As a Site Reliability Engineer, you will play a key role in maintaining reliable, secure, scalable, and highly available infrastructure and applications that empower over 70,000 Service Professionals to run their businesses. You will drive operational excellence while scaling our AWS footprint and fostering close collaboration with product and engineering teams.

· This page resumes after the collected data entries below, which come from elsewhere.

(* Consider the second-order Kuramoto model with bonding force $$\dot\theta_i=\omega_i,\qquad \dot\omega_i=\frac{1}{N}\sum_{j=1}^N\big[\kappa_0\cos(\theta_j-\theta_i)+\kappa_1\big](\omega_j-\omega_i)+\frac{\kappa_2}{N}\sum_{j=1}^N\big[|\theta_j-\theta_i|-\theta^\infty_{ij}\big]\operatorname{sgn}(\theta_j-\theta_i),\quad i\in[N].$$ Suppose $(\Theta^0,W^0)\in\mathcal{S}$, $\mathcal{E}(0)<\frac{\kappa_2(\min_{i\ne j}\theta^\infty_{ij})^2}{2N}$, $\kappa_0\cos\mathcal{U}+\kappa_1>0$, $\kappa_2>0$, and let $\{\theta_i\}$ be a global smooth solution. Then for $i\ne j$, $$\sup_{t\ge0}\Big|\frac{d}{dt}|\omega_j(t)-\omega_i(t)|^2\Big|<\infty,$$ and consequently the map $t\mapsto\sum_{i,j=1}^N|\omega_j(t)-\omega_i(t)|^2$ is uniformly continuous on $[0,\infty)$.
   Context: $N\ge2$, $\kappa_0,\kappa_1\ge0$; $[\theta^\infty_{ij}]$ real symmetric with zero diagonal; $\operatorname{sgn}$ the sign function. $\mathcal{E}:=\frac12\sum_i|\omega_i|^2+\frac{\kappa_2}{4N}\sum_{i,j}(|\theta_j-\theta_i|-\theta^\infty_{ij})^2$; $\mathcal{U}:=\max_{i\ne j}\theta^\infty_{ij}+\sqrt{2N\mathcal{E}(0)/\kappa_2}$; $\mathcal{S}:=\{(\Theta,W)\in\mathbb{R}^{2N}:|\theta_i-\theta_j|<\mathcal{U}<\pi\ \forall i,j\}$. *)

From Stdlib Require Import Reals Lra.
From Coquelicot Require Import Coquelicot.
Open Scope R_scope.

Fixpoint sumN (n : nat) (f : nat -> R) : R :=
  match n with
  | O => 0
  | S k => sumN k f + f k
  end.

Definition sgn (x : R) : R :=
  if Rlt_dec 0 x then 1 else if Rlt_dec x 0 then -1 else 0.

Fixpoint fold_row (op : R -> R -> R) (i : nat) (m : nat) (a : nat -> nat -> R)
  (acc : R) : R :=
  match m with
  | O => acc
  | S k => let acc' := fold_row op i k a acc in
           if Nat.eq_dec i k then acc' else op acc' (a i k)
  end.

You will report to the Senior Engineering Manager, Platform, and can be based remotely anywhere in the United States, Canada, or hybrid in our NYC Office.
What Youll Do
- Working with Product and Engineering peers to support an infrastructure platform that is reliable, scalable, secure and reduces manual toil
- Help GlossGenius scale its AWS cloud footprint, contributing to the technical direction
- Build tools to help engineers quickly identify problems, wherever they occur in the stack
- Drive and shape incident management practices across engineering
- Improve and augment the monitoring and alerting platform, and act as an SME for other teams wishing to have better visibility into their services
- Spread SRE culture throughout GlossGenius
- Understand industry and company-wide trends to help assess and develop new technologies
- Collaborate with the broader engineering team to ensure optimal application performance and scalability to build highly resilient systems
- Own problems from end to end, managing complexity, and engaging directly with stakeholders to think through everything from business impact to reliability and operability, to security; always approaching situations with a bias to action
What Were Looking For
- 4+ years of experience working with cloud technologies in Production Engineer, Cloud Engineer, Site Reliability Engineer, or DevOps equivalent roles
- Demonstrated experience working with cloud platforms (AWS, GCP, Azure, etc), having designed, built, and maintained cloud platforms that run production-grade services and traffic
- Demonstrated experience with infrastructure-as-code principles and development
- Knowledge of IP networking, DNS, CDN, load balancing, HTTP, and firewalls
- Experience building and maintaining cloud-first monitoring, logging, and alerting infrastructure that supports 24/7 enterprise platforms
- Participating in on-call rotations
- Experience with container technology using Docker and Kubernetes
- The ability to write high-quality code in a high-level programming language (e.g. Typescript, Ruby, Python)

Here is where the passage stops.